WHAT IS BEING ASKED: Starting from the line that contains "(0 < #|sepset x y|)%N ->", give back every line through the end of the listing exactly as written and no other line.
== Segment start ==
(* Step just past the first time at which the segment from x to y meets a
   separating hyperplane. *)
Lemma sepset_step x y : regular x -> regular y ->
  (forall i j, i != j -> dot (pencil_form y i j) x != 0) ->
  (0 < #|sepset x y|)%N ->
  exists2 z, regular z & exists2 i0, i0 \in sepset x y &
    sepset x z = [set i0]%SET /\ sepset z y = (sepset x y :\ i0)%SET.
Proof.
move=> xreg yreg xpen /card_gt0P[j0 j0S]; set S := sepset x y in j0S *.
pose al i := dot (a i) x; pose be i := dot (a i) y; pose tt i := al i / (al i - be i).
have albe i : i \in S -> al i * be i < 0.
  by rewrite inE => ?; rewrite mulr_lt0_signs ?xreg ?yreg.
have [i0 i0S tt_min] : exists2 i0, i0 \in S & forall j, j \in S -> tt i0 <= tt j.
  by case: (arg_minP tt j0S) => i; exists i.
have tt_lt j : j \in S -> j != i0 -> tt i0 < tt j.
  move=> jS ji0; rewrite lt_neqAle tt_min // andbT; apply: contra (xpen _ _ ji0).
  have den k : k \in S -> al k - be k != 0 by move/albe => ?; apply/eqP => ?; nra.
  rewrite eq_sym eqr_div ?den // => /eqP e; rewrite dot_pencil_form -/(al j) -/(al i0).
  by rewrite -/(be j) -/(be i0); apply/eqP; move: e; rewrite !mulrBr; lra.
have /andP[tt0 tt1] := crossing_time_range (albe _ i0S).
have gap t : t \in [seq tt j | j <- enum (S :\ i0)] -> tt i0 < t.
  by case/mapP => j; rewrite mem_enum in_setD1 => /andP[ji0 jS] ->; exact: tt_lt.
have [tau [tau0 tau1 tau_lt]] := exists_gap tt1 gap.
pose z := x + tau *: (y - x).
have zside j : dot (a j) z != 0 /\ side z j = (if j == i0 then side y j else side x j).
  rewrite /side /z dotvD dotvZ dotvB; case: (eqVneq j i0) => [->|ji0].
    exact: (proj2 (affine_sign_cross tau (albe _ i0S))) tau0 tau1.
  have [jS|jS] := boolP (j \in S).
    apply: (proj1 (affine_sign_cross tau (albe _ jS))); first lra.
    by apply: tau_lt; apply/mapP; exists j; rewrite // mem_enum in_setD1 ji0.
  apply: affine_sign_same; rewrite ?xreg ?yreg //; last by apply/andP; split; lra.
  by move: jS; rewrite inE negbK => /eqP.
exists z; first by move=> j; have [] := zside j.
exists i0 => //; split; apply/setP => j; rewrite !inE; have [_ ->] := zside j.
  by case: (eqVneq j i0) => [->|]; rewrite ?eqxx //; move: i0S; rewrite inE.
by case: (eqVneq j i0) => [->|]; rewrite ?eqxx.
Qed.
== Segment end ==
TASK SOLUTION:
  (0 < #|sepset x y|)%N ->
  exists2 z, regular z & exists2 i0, i0 \in sepset x y &
    sepset x z = [set i0]%SET /\ sepset z y = (sepset x y :\ i0)%SET.
Proof.
move=> xreg yreg xpen /card_gt0P[j0 j0S]; set S := sepset x y in j0S *.
pose al i := dot (a i) x; pose be i := dot (a i) y; pose tt i := al i / (al i - be i).
have albe i : i \in S -> al i * be i < 0.
  by rewrite inE => ?; rewrite mulr_lt0_signs ?xreg ?yreg.
have [i0 i0S tt_min] : exists2 i0, i0 \in S & forall j, j \in S -> tt i0 <= tt j.
  by case: (arg_minP tt j0S) => i; exists i.
have tt_lt j : j \in S -> j != i0 -> tt i0 < tt j.
  move=> jS ji0; rewrite lt_neqAle tt_min // andbT; apply: contra (xpen _ _ ji0).
  have den k : k \in S -> al k - be k != 0 by move/albe => ?; apply/eqP => ?; nra.
  rewrite eq_sym eqr_div ?den // => /eqP e; rewrite dot_pencil_form -/(al j) -/(al i0).
  by rewrite -/(be j) -/(be i0); apply/eqP; move: e; rewrite !mulrBr; lra.
have /andP[tt0 tt1] := crossing_time_range (albe _ i0S).
have gap t : t \in [seq tt j | j <- enum (S :\ i0)] -> tt i0 < t.
  by case/mapP => j; rewrite mem_enum in_setD1 => /andP[ji0 jS] ->; exact: tt_lt.
have [tau [tau0 tau1 tau_lt]] := exists_gap tt1 gap.
pose z := x + tau *: (y - x).
have zside j : dot (a j) z != 0 /\ side z j = (if j == i0 then side y j else side x j).
  rewrite /side /z dotvD dotvZ dotvB; case: (eqVneq j i0) => [->|ji0].
    exact: (proj2 (affine_sign_cross tau (albe _ i0S))) tau0 tau1.
  have [jS|jS] := boolP (j \in S).
    apply: (proj1 (affine_sign_cross tau (albe _ jS))); first lra.
    by apply: tau_lt; apply/mapP; exists j; rewrite // mem_enum in_setD1 ji0.
  apply: affine_sign_same; rewrite ?xreg ?yreg //; last by apply/andP; split; lra.
  by move: jS; rewrite inE negbK => /eqP.
exists z; first by move=> j; have [] := zside j.
exists i0 => //; split; apply/setP => j; rewrite !inE; have [_ ->] := zside j.
  by case: (eqVneq j i0) => [->|]; rewrite ?eqxx //; move: i0S; rewrite inE.
by case: (eqVneq j i0) => [->|]; rewrite ?eqxx.
Qed.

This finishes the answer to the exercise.